Set down exactly the lines from the one containing "exists (Z : C)" through the end of the records below, both included, and nothing else.

Supplied data:
"""

Definition is_abelian : Prop :=
  [/\ (exists Z : C, is_zero_obj Z),
      (forall X1 X2 : C, exists S i1 i2 p1 p2,
        @is_biprod X1 X2 S i1 i2 p1 p2),
      (forall (X Y : C) (f : Mor X Y), exists K (k : Mor K X), is_kernel f k),
      (forall (X Y : C) (f : Mor X Y), exists Q (c : Mor Y Q), is_cokernel f c)
    & ((forall (X Y : C) (f : Mor X Y), is_mono f ->
         exists W (g : Mor Y W), is_kernel g f) /\
       (forall (X Y : C) (f : Mor X Y), is_epi f ->
         exists W (g : Mor W X), is_cokernel g f))].

Definition is_pullback (X Y T Z : C) (f : Mor X Y) (p : Mor T Y)
    (g : Mor Z X) (h : Mor Z T) : Prop :=
  comp f g = comp p h /\
  forall W (a : Mor W X) (b : Mor W T), comp f a = comp p b ->
    exists v : Mor W Z, (comp g v = a /\ comp h v = b) /\
      forall v', comp g v' = a /\ comp h v' = b -> v' = v.

Variable T : C -> Prop.

(** full additive subcategory closed under finite direct sums (including the
    empty one, i.e. containing a zero object) and under direct summands *)
Definition is_add_subcat : Prop :=
  [/\ (exists Z : C, is_zero_obj Z /\ T Z),
      (forall X1 X2 S i1 i2 p1 p2, @is_biprod X1 X2 S i1 i2 p1 p2 ->
          T X1 -> T X2 -> T S)
    & (forall X1 X2 S i1 i2 p1 p2, @is_biprod X1 X2 S i1 i2 p1 p2 ->
          T S -> T X1)].

Definition factors_T (X Y : C) (f : Mor X Y) : Prop :=
  exists (U : C) (a : Mor X U) (b : Mor U Y), T U /\ f = comp b a.

(** Equality in the stable category A / <T> *)
Definition st_eq (X Y : C) (u v : Mor X Y) : Prop := factors_T (u - v).

Definition st_mono (X Y : C) (f : Mor X Y) : Prop :=
  forall W (u v : Mor W X), st_eq (comp f u) (comp f v) -> st_eq u v.

Definition st_iso (X Y : C) (f : Mor X Y) : Prop :=
  exists g : Mor Y X, st_eq (comp g f) (idm X) /\ st_eq (comp f g) (idm Y).

Definition is_precover (U Y : C) (p : Mor U Y) : Prop :=
  T U /\ forall (V : C) (q : Mor V Y), T V -> exists r : Mor V U, q = comp p r.

Definition contravariantly_finite : Prop :=
  forall Y : C, exists (U : C) (p : Mor U Y), is_precover p.

(** Choice data defining the Beligiannis-Marmaridis left triangulated
    structure: a T-precover p_Y : T_Y -> Y for each Y and a kernel
    Omega Y -> T_Y of it. *)
Record LTData := {
  TY : C -> C;
  pY : forall Y : C, Mor (TY Y) Y;
  pY_prec : forall Y : C, is_precover (pY Y);
  Om : C -> C;
  iY : forall Y : C, Mor (Om Y) (TY Y);
  iY_ker : forall Y : C, is_kernel (pY Y) (iY Y)
}.

Variable D : LTData.

(** The diagram  Omega Y' --k--> Z' --g'--> X' --f'--> Y'  (over A) is the
    standard left triangle of f' : k is induced by the inclusion
    Omega Y' -> T_Y' and 0 : Omega Y' -> X'. *)
Definition std_triangle (X' Y' Z' : C) (f' : Mor X' Y') (g' : Mor Z' X')
    (h' : Mor Z' (TY D Y')) (k : Mor (Om D Y') Z') : Prop :=
  [/\ is_pullback f' (pY D Y') g' h', comp g' k = 0 & comp h' k = iY D Y'].

(** Left triangles: diagrams  Omega D0 --u--> B --v--> E --w--> D0  in the stable
    category isomorphic (as left triangles, the first component being
    Omega(gamma)) to a standard one.  Omega(gamma) is the map induced on the
    kernels by a lift gt : T_D0 -> T_Y' of gamma o p_D0 through p_Y'. *)
Definition is_left_triangle (B E D0 : C) (u : Mor (Om D D0) B) (v : Mor B E)
    (w : Mor E D0) : Prop :=
  exists (X' Y' Z' : C) (f' : Mor X' Y') (g' : Mor Z' X') (h' : Mor Z' (TY D Y'))
         (k : Mor (Om D Y') Z'),
    std_triangle f' g' h' k /\
    exists (beta : Mor B Z') (alpha : Mor E X') (gamma : Mor D0 Y')
           (gt : Mor (TY D D0) (TY D Y')) (delta : Mor (Om D D0) (Om D Y')),
      [/\ st_iso beta, st_iso alpha, st_iso gamma,
          comp (pY D Y') gt = comp gamma (pY D D0) &
       [/\
          comp (iY D Y') delta = comp gt (iY D D0),
          st_eq (comp beta u) (comp k delta),
          st_eq (comp alpha v) (comp g' beta)
        & st_eq (comp gamma w) (comp f' alpha)]].

End Defs.

From Pilot Require Import Defs.
From HB Require Import structures.
From mathcomp Require Import all_boot all_algebra.
Import GRing.Theory.
Set Implicit Arguments. Unset Strict Implicit.
Local Open Scope ring_scope.

(* Stably, [f u = f v] means that [f (u - v) = b a] with [b] leaving an object
   of T; the universal property of the pullback of [f] along [b] (or along a
   precover through which [b] factors) then makes [u - v] factor through the
   pullback leg [g].  Conversely [f g = p h] factors through T, so stable
   monicity forces [g] to be stably zero.  For (4), the second map of the
   standard left triangle of [f] is that pullback leg, and an isomorphism of
   left triangles transports stable monicity of the third map. *)

Local Notation cp := Defs.comp.

Section Preadditive.
Variable C : PreaddCat.

Lemma comp0l (X Y Z : C) (h : Mor X Y) : cp (0 : Mor Y Z) h = 0.
Proof.
have H := compDl (0 : Mor Y Z) 0 h; rewrite addr0 in H.
by apply: (addrI (cp (0 : Mor Y Z) h)); rewrite -H addr0.
Qed.

Lemma comp0r (X Y Z : C) (f : Mor Y Z) : cp f (0 : Mor X Y) = 0.
Proof.
have H := compDr f (0 : Mor X Y) 0; rewrite addr0 in H.
by apply: (addrI (cp f (0 : Mor X Y))); rewrite -H addr0.
Qed.

Lemma compNl (X Y Z : C) (f : Mor Y Z) (h : Mor X Y) : cp (- f) h = - cp f h.
Proof. by apply/eqP; rewrite -subr_eq0 opprK -compDl addNr comp0l. Qed.

Lemma compNr (X Y Z : C) (f : Mor Y Z) (h : Mor X Y) : cp f (- h) = - cp f h.
Proof. by apply/eqP; rewrite -subr_eq0 opprK -compDr addNr comp0r. Qed.

Lemma compBl (X Y Z : C) (f g : Mor Y Z) (h : Mor X Y) :
  cp (f - g) h = cp f h - cp g h.
Proof. by rewrite compDl compNl. Qed.

Lemma compBr (X Y Z : C) (f : Mor Y Z) (g h : Mor X Y) :
  cp f (g - h) = cp f g - cp f h.
Proof. by rewrite compDr compNr. Qed.

Lemma biprod_comp_inj_proj (X1 X2 S : C) (i1 : Mor X1 S) (i2 : Mor X2 S)
    (p1 : Mor S X1) (p2 : Mor S X2) (W : C) (a : Mor W X1) (b : Mor W X2) :
  is_biprod i1 i2 p1 p2 ->
  cp p1 (cp i1 a + cp i2 b) = a /\ cp p2 (cp i1 a + cp i2 b) = b.
Proof.
case=> e1 e2 e3 e4 _; rewrite !compDr !Defs.compA e1 e2 e3 e4 !comp0l !comp1m.
by rewrite addr0 add0r.
Qed.

Lemma abelian_pullback (HA : is_abelian C) (X Y U : C)
    (f : Mor X Y) (p : Mor U Y) :
  exists Z (g : Mor Z X) (h : Mor Z U), is_pullback f p g h.
Proof.
case: HA => _ Hbiprod Hker _ _.
have [S [i1 [i2 [p1 [p2 Hb]]]]] := Hbiprod X U.
have [K [k [Hk0 Hk]]] := Hker _ _ (cp f p1 - cp p p2).
exists K, (cp p1 k), (cp p2 k); split.
  by apply: subr0_eq; rewrite !Defs.compA -compBl.
move=> W a b Hab.
have [Hp1 Hp2] := biprod_comp_inj_proj a b Hb.
have Hw : cp (cp f p1 - cp p p2) (cp i1 a + cp i2 b) = 0.
  by rewrite compBl -!Defs.compA Hp1 Hp2 Hab subrr.
have [v [Hv Hv_uniq]] := Hk _ _ Hw.
exists v; split; first by rewrite -!Defs.compA Hv.
move=> v' [Hav' Hbv']; apply: Hv_uniq.
case: Hb => _ _ _ _ e5.
by rewrite -[cp k v']comp1m -e5 compDl -!Defs.compA (Defs.compA p1) (Defs.compA p2) Hav' Hbv'.
Qed.

End Preadditive.

Section StableCategory.
Variables (C : PreaddCat) (T : C -> Prop).
Hypotheses (HA : is_abelian C) (HT : is_add_subcat T).

Lemma factors_T0 (X Y : C) : factors_T T (0 : Mor X Y).
Proof.
case: HT => [[Z [_ TZ]] _ _].
by exists Z, 0, 0; split => //; rewrite comp0l.
Qed.

Lemma factors_TN (X Y : C) (u : Mor X Y) :
  factors_T T u -> factors_T T (- u).
Proof.
by case=> U [a [b [TU ->]]]; exists U, a, (- b); split => //; rewrite compNl.
Qed.

(* The sum [b1 a1 + b2 a2] factors through the biproduct of the two objects. *)
Lemma factors_TD (X Y : C) (u v : Mor X Y) :
  factors_T T u -> factors_T T v -> factors_T T (u + v).
Proof.
case=> U1 [a1 [b1 [T1 ->]]] [U2 [a2 [b2 [T2 ->]]]].
case: HA => _ Hbiprod _ _ _; case: HT => _ Hsum _.
have [S [i1 [i2 [p1 [p2 Hb]]]]] := Hbiprod U1 U2.
exists S, (cp i1 a1 + cp i2 a2), (cp b1 p1 + cp b2 p2).
split; first exact: Hsum Hb T1 T2.
have [Ha1 Ha2] := biprod_comp_inj_proj a1 a2 Hb.
by rewrite compDl -!Defs.compA Ha1 Ha2.
Qed.

Lemma factors_T_compl (X Y Z : C) (h : Mor Y Z) (u : Mor X Y) :
  factors_T T u -> factors_T T (cp h u).
Proof.
by case=> U [a [b [TU ->]]]; exists U, a, (cp h b); split => //; rewrite Defs.compA.
Qed.

Lemma factors_T_compr (X Y Z : C) (u : Mor X Y) (h : Mor Z X) :
  factors_T T u -> factors_T T (cp u h).
Proof.
by case=> U [a [b [TU ->]]]; exists U, (cp a h), b; split => //; rewrite Defs.compA.
Qed.

Lemma st_eq0 (X Y : C) (u : Mor X Y) : st_eq T u 0 <-> factors_T T u.
Proof. by rewrite /st_eq subr0. Qed.

Lemma st_eq_refl (X Y : C) (u : Mor X Y) : st_eq T u u.
Proof. by rewrite /st_eq subrr; apply: factors_T0. Qed.

Lemma st_eq_sym (X Y : C) (u v : Mor X Y) : st_eq T u v -> st_eq T v u.
Proof. by move=> H; rewrite /st_eq -opprB; apply: factors_TN. Qed.

Lemma st_eq_trans (X Y : C) (u v w : Mor X Y) :
  st_eq T u v -> st_eq T v w -> st_eq T u w.
Proof.
move=> Huv Hvw; rewrite /st_eq -[u](subrK v) -addrA.
exact: factors_TD.
Qed.

Lemma st_eq_compl (X Y Z : C) (h : Mor Y Z) (u v : Mor X Y) :
  st_eq T u v -> st_eq T (cp h u) (cp h v).
Proof. by move=> H; rewrite /st_eq -compBr; apply: factors_T_compl. Qed.

Lemma st_eq_compr (X Y Z : C) (u v : Mor X Y) (h : Mor Z X) :
  st_eq T u v -> st_eq T (cp u h) (cp v h).
Proof. by move=> H; rewrite /st_eq -compBl; apply: factors_T_compr. Qed.

Lemma st_iso_idm (X : C) : st_iso T (idm X).
Proof. by exists (idm X); split; rewrite comp1m; apply: st_eq_refl. Qed.

Lemma factors_T_of_st_iso_compr (X Y Z : C) (g : Mor Y Z) (beta : Mor X Y) :
  st_iso T beta -> factors_T T (cp g beta) -> factors_T T g.
Proof.
case=> beta' [_ Hbb'] Hg; apply/st_eq0.
apply: (@st_eq_trans _ _ _ (cp (cp g beta) beta')).
  by rewrite -Defs.compA -{1}(compm1 g); apply: st_eq_sym; apply: st_eq_compl.
by apply/st_eq0; apply: factors_T_compr.
Qed.

Lemma st_mono_transfer (X Y X' Y' : C) (f : Mor X Y) (f' : Mor X' Y')
    (alpha : Mor X X') (gamma : Mor Y Y') :
  st_mono T f' -> st_iso T alpha -> st_eq T (cp gamma f) (cp f' alpha) ->
  st_mono T f.
Proof.
move=> Hf' [alpha' [Haa' _]] Hsq W u1 u2 Hu.
have Hsq_u (u : Mor W X) : st_eq T (cp gamma (cp f u)) (cp f' (cp alpha u)).
  by rewrite !Defs.compA; apply: st_eq_compr.
have Halpha_u : st_eq T (cp alpha u1) (cp alpha u2).
  apply: Hf'; apply: (st_eq_trans (st_eq_sym (Hsq_u u1))).
  by apply: (st_eq_trans _ (Hsq_u u2)); apply: st_eq_compl.
have Hret (u : Mor W X) : st_eq T u (cp alpha' (cp alpha u)).
  by rewrite Defs.compA -{1}(comp1m u); apply: st_eq_sym; apply: st_eq_compr.
apply: (st_eq_trans (Hret u1)); apply: (st_eq_trans _ (st_eq_sym (Hret u2))).
exact: st_eq_compl.
Qed.

Section Pullback.
Variables (X Y U Z : C) (f : Mor X Y) (p : Mor U Y) (g : Mor Z X) (h : Mor Z U).
Hypothesis Hpb : is_pullback f p g h.

Lemma factors_T_pullback_cone (W : C) (w : Mor W X) (c : Mor W U) :
  factors_T T g -> cp f w = cp p c -> factors_T T w.
Proof.
case: Hpb => _ Huniv Hg Hwc.
have [v [[<- _] _]] := Huniv _ _ _ Hwc.
exact: factors_T_compr.
Qed.

Lemma st_mono_of_precover_pullback :
  is_precover T p -> factors_T T g -> st_mono T f.
Proof.
move=> [_ Hlift] Hg W u v [V [a [b [TV Hab]]]].
have [r Hr] := Hlift _ b TV.
apply: (factors_T_pullback_cone (c := cp r a)) => //.
by rewrite compBr Hab Hr Defs.compA.
Qed.

Lemma pullback_leg_factors_T : T U -> st_mono T f -> factors_T T g.
Proof.
case: Hpb => Hfg _ TU Hf; apply/st_eq0; apply: Hf.
by rewrite comp0r; apply/st_eq0; rewrite Hfg; exists U, h, p.
Qed.

End Pullback.

Lemma st_mono_iff_pullback_legs_factor (X Y : C) (f : Mor X Y) :
  st_mono T f <->
    (forall (U : C) (p : Mor U Y), T U ->
       forall (Z : C) (g : Mor Z X) (h : Mor Z U),
         is_pullback f p g h -> factors_T T g).
Proof.
split=> [Hf U p TU Z g h Hpb | Hlegs W u v [V [a [b [TV Hab]]]]].
  exact: pullback_leg_factors_T Hpb TU Hf.
have [Z [g [h Hpb]]] := abelian_pullback HA f b.
apply: (factors_T_pullback_cone Hpb (c := a)); first exact: Hlegs Hpb.
by rewrite compBr.
Qed.

Section LeftTriangles.
Variable D : LTData T.

Lemma std_triangle_exists (X Y : C) (f : Mor X Y) :
  exists (Z : C) (g : Mor Z X) (h : Mor Z (TY D Y)) (k : Mor (Om D Y) Z),
    std_triangle f g h k.
Proof.
have [Z [g [h Hpb]]] := abelian_pullback HA f (pY D Y).
have Hcone : cp f (0 : Mor (Om D Y) X) = cp (pY D Y) (iY D Y).
  by rewrite comp0r (proj1 (iY_ker D Y)).
have [k [[Hgk Hhk] _]] := proj2 Hpb _ _ _ Hcone.
by exists Z, g, h, k.
Qed.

"""

Worked solution:
  exists (Z : C) (g : Mor Z X) (h : Mor Z (TY D Y)) (k : Mor (Om D Y) Z),
    std_triangle f g h k.
Proof.
have [Z [g [h Hpb]]] := abelian_pullback HA f (pY D Y).
have Hcone : cp f (0 : Mor (Om D Y) X) = cp (pY D Y) (iY D Y).
  by rewrite comp0r (proj1 (iY_ker D Y)).
have [k [[Hgk Hhk] _]] := proj2 Hpb _ _ _ Hcone.
by exists Z, g, h, k.
Qed.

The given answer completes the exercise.